If all data is stored forever on the blockchain, and the blockchain is distributed across the entire planet, we have a legal compliance issue; it prevents any one entity changing the existing data records. This feels very much like the irresistible force paradox "What happens when an unstoppable force meets an immovable object?" In this case it will be invincible blockchain hitting immovable legislation. One thing is for sure, both will need to change.

If you are careful not to store any personally identifiable information on the block chain, then the next consideration is scalability.
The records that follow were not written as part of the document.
Lemma Rabs_rho_le_critical (x e : R) (N M k : nat) :
  (1 <= M)%nat -> (2 * M <= N)%nat -> 0 <= e ->
  INR (S k) * (ln 200 + INR k * ln 4 + 2 * ln (INR k + 1) + e) <= INR k * ln (INR M) ->
  INR M ^ k < 2 * (x * INR (fact k)) <= rising (INR M) (S k) ->
  Rabs (rho N x) <= exp (- (PI ^ 2 / 400 ^ 2) * exp e).
Proof.
  intros HM HMN He Hlam [Hlow Hcrit].
  set (lam := ln 200 + INR k * ln 4 + 2 * ln (INR k + 1) + e) in Hlam.
  set (A := 4 ^ k * INR (S k) ^ 2 * exp e).
  pose proof (pos_INR k) as Hk.
  assert (HA : exp lam = 200 * A).
  { unfold lam, A. rewrite !exp_plus, exp_ln by lra.
    rewrite (pow_eq_exp_ln 4) by lra. rewrite (pow_eq_exp_ln (INR (S k))) by (apply lt_0_INR; lia).
    replace (INR 2) with 2 by (simpl; lra). rewrite S_INR. ring. }
  assert (HAk : INR k + 1 <= A).
  { unfold A. rewrite S_INR.
    pose proof (pow_R1_Rle 4 k ltac:(lra)). pose proof (exp_ineq1_le e).
    assert (INR k + 1 <= (INR k + 1) ^ 2) by nra.
    assert (1 <= 4 ^ k * exp e) by nra.
    nra. }
  destruct (exists_nat_between (100 * A)) as [lo Hlo]; [lra |].
  assert (Hlo1 : (1 <= lo)%nat) by (destruct lo; [simpl in Hlo; lra | lia]).
  assert (Hstart : rising (INR lo) (S k) < 2 * (x * INR (fact k))).
  { apply (Rle_lt_trans _ (exp (INR (S k) * lam))).
    { apply rising_le_exp_mul. rewrite HA, S_INR. lra. }
    apply (Rle_lt_trans _ (INR M ^ k)); [| exact Hlow].
    rewrite (pow_eq_exp_ln (INR M)) by (apply lt_0_INR; lia).
    apply exp_le_compat, Hlam. }
  apply (Rle_trans _ _ _ (Rabs_rho_le_scale x N M k lo Hlo1 HMN (conj Hstart Hcrit))).
  apply exp_le_compat.
  assert (Hratio : 100 * exp e <= INR lo / (4 ^ k * INR (S k) ^ 2)).
  { unfold A in Hlo. set (q := 4 ^ k * INR (S k) ^ 2) in *.
    assert (0 < q) by (apply Rmult_lt_0_compat; apply pow_lt; [lra | apply lt_0_INR; lia]).
    apply (Rmult_le_reg_r q); [assumption |].
    replace (INR lo / q * q) with (INR lo) by (field; lra).
    lra. }
  assert (HPI : PI ^ 2 / 400 ^ 2 <= 1 / 10000) by (pose proof PI_RGT_0; pose proof PI_4; nra).
  pose proof (exp_pos e). pose proof (exp_ineq1_le e).
  nra.
Qed.

Lemma eventually_ln_le (eps : R) : 0 < eps -> Rbar_locally p_infty (fun y => ln y <= eps * y).
Proof.
  intros Heps.
  destruct (proj2 (is_lim_spec _ _ _) is_lim_div_ln_p (mkposreal eps Heps)) as [M HM].
  exists (Rmax M 0). intros y Hy.
  assert (Hy0 : 0 < y) by (apply Rle_lt_trans with (2 := Hy), Rmax_r).
  specialize (HM y (Rle_lt_trans _ _ _ (Rmax_l M 0) Hy)). simpl in HM.
  rewrite Rminus_0_r in HM. apply Rabs_lt_between in HM.
  apply (Rmult_le_reg_r (/ y)); [apply Rinv_0_lt_compat, Hy0 |].
  replace (eps * y * / y) with eps by (field; lra). lra.
Qed.

Lemma eventually_admissible_order (C C' : R) : 0 < C < C' ->
  Rbar_locally p_infty (admissible_order C C').
Proof.
  intros [HC HCC'].
  set (eps := (C' - C) / (4 * C' ^ 2)).
  assert (Heps : 0 < eps) by (apply Rdiv_lt_0_compat; nra).
  destruct (eventually_ln_le eps Heps) as [Y HY].
  set (c := ln 2 + 2 * eps + 2 * ln 3 + C' * ln 3).
  exists (Rmax (Rmax (Y / C') 1) (2 * c / (C' - C))).
  intros L HL K HK.
  apply Rmax_Rlt in HL as [HL HLc]. apply Rmax_Rlt in HL as [HLY HL1].
  assert (HKY : Y < K).
  { apply (Rmult_lt_compat_l C') in HLY; [| lra].
    replace (C' * (Y / C')) with Y in HLY by (field; lra). lra. }
  assert (Hc : c <= (C' - C) / 2 * L).
  { apply (Rmult_lt_compat_l ((C' - C) / 2)) in HLc; [| lra].
    replace ((C' - C) / 2 * (2 * c / (C' - C))) with c in HLc by (field; lra). lra. }
  assert (Hln3 : 0 < ln 3) by (apply ln_pos; lra).
  assert (Hln2 : 0 < ln 2) by (apply ln_pos; lra).
  assert (HKlnK : K * ln K <= eps * (C' * L + 1) ^ 2).
  { assert (HK0 : 0 <= K) by nra.
    apply (Rle_trans _ (K * (eps * K))); [apply Rmult_le_compat_l; [exact HK0 | apply HY, HKY] |].
    replace (K * (eps * K)) with (eps * K ^ 2) by ring.
    apply Rmult_le_compat_l; [lra |]. apply pow_incr. nra. }
  assert (Hsq : eps * (C' * L + 1) ^ 2 <= (C' - C) / 2 * L ^ 2 + 2 * eps).
  { assert (Heps2 : eps * (2 * C' ^ 2) = (C' - C) / 2) by (unfold eps; field; lra).
    assert ((C' * L + 1) ^ 2 <= 2 * C' ^ 2 * L ^ 2 + 2) by (pose proof (pow2_ge_0 (C' * L - 1)); nra).
    apply (Rle_trans _ (eps * (2 * C' ^ 2 * L ^ 2 + 2))); [apply Rmult_le_compat_l; lra |].
    rewrite <- Heps2. lra. }
  assert (Hc2 : c * L <= (C' - C) / 2 * L ^ 2) by nra.
  assert (HcL : ln 2 + 2 * eps + 2 * ln 3 + C' * L * ln 3 <= c * L) by (unfold c; nra).
  nra.
Qed.

Lemma eventually_admissible_start (C' eta : R) : 0 < C' -> 0 <= eta ->
  C' * ln 4 + 2 * eta < 1 -> Rbar_locally p_infty (admissible_start C' eta).
Proof.
  intros HC' Heta Hsum.
  set (gam := 1 - C' * ln 4 - 2 * eta).
  set (eps := gam / (8 * C')).
  assert (Heps : 0 < eps) by (apply Rdiv_lt_0_compat; unfold gam; lra).
  destruct (eventually_ln_le eps Heps) as [Y HY].
  set (c := 2 * ln 4 + 2 * ln 200 + 8 * eps + ln 3).
  exists (Rmax (Rmax (Y / C') 0) (2 * c / gam)).
  intros L HL k Hk.
  apply Rmax_Rlt in HL as [HL HLc]. apply Rmax_Rlt in HL as [HLY HL0].
  assert (HYL : Y < C' * L + 2).
  { apply (Rmult_lt_compat_l C') in HLY; [| lra].
    replace (C' * (Y / C')) with Y in HLY by (field; lra). lra. }
  assert (Hc : c <= gam / 2 * L).
  { apply (Rmult_lt_compat_l (gam / 2)) in HLc; [| unfold gam; lra].
    replace (gam / 2 * (2 * c / gam)) with c in HLc by (field; unfold gam; lra). lra. }
  assert (Hln200 : 0 < ln 200) by (apply ln_pos; lra).
  assert (Hln4 : 0 < ln 4) by (apply ln_pos; lra).
  assert (Hlnk : 0 <= ln (k + 1)) by (apply ln_nonneg; lra).
  assert (Hlnk' : ln (k + 1) <= eps * (C' * L + 2)).
  { apply (Rle_trans _ (ln (C' * L + 2))); [apply ln_le; lra | apply HY, HYL]. }
  assert (H4eps : 4 * eps * C' = gam / 2) by (unfold eps; field; lra).
  set (r := ln 200 + 2 * ln (k + 1) + eta * L).
  assert (Hr : 0 <= r) by (unfold r; nra).
  assert (Hkey : (k + 1) * ln 4 + 2 * r <= L - ln 3).
  { unfold r, gam, c in *. nra. }
  assert ((k + 1) * r <= 2 * k * r) by nra.
  replace (ln 200 + k * ln 4 + 2 * ln (k + 1) + eta * L) with (k * ln 4 + r) by (unfold r; ring).
  nra.
Qed.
A blockchain stores all data forever. If this data growth outpaces increasing hard drive storage capacities, then your blockchain of choice, may in future run into disk space problems on it’s nodes. With growing size, we also need to consider sync issues, the length of time it takes to introduce a new node and download a full copy of the blockchain from other nodes. Finally, on a very busy blockchain, simply keeping up with the transactions has caused unacceptable delays on writing your data to the blockchain.

These problems have not yet been solved and are a risk for your project and organisation should you choose to use blockchain before it is ready.

To create a perfect storm of scalability and cost problems, some businesses have started creating their own blockchains. I simply ask, why?

Your business doesn't need to build a blockchain. This follows the same troubled logic as building or managing your own serverless infrastructure when you hear how good AWS is. This will create a huge development cost, a huge ongoing ops cost and blockchain isn't even your product. Lastly, your business plan surely doesn't include competing with Ethereum?

Industry developments
In 2009 bitcoin was released. It was the first crypto currency, the first public blockchain and an insurance policy against a failing banking system.

In 2015 Ethereum was released. The first programmable blockchain, this reduced the barrier to entry for business into the blockchain era. Anyone can now to easily create their own tokens on top of the ethereum blockchain, benefiting from it's size, ongoing development and widespread adoption.

In 2016 Storj 1.0 and Sia 1.0 were released. These two teams are building the first serious attempts at data storage via blockchain.

Caveats / FAQ:
This article is not FUD. This article is here to try and illuminate the risks of blockchain technology to C-level execs, and warn them it’s not ready yet. I strongly believe in the technology, I just don’t believe it’s out of alpha.

This article is not about cryptocurrency, it’s about blockchain technology and considerations for applying it to a project.

Full vs Partial nodes. I have only covered full nodes in this article, because they are the most relevant to the challenges faced by organisations and the future scaling challenges of blockchain technology.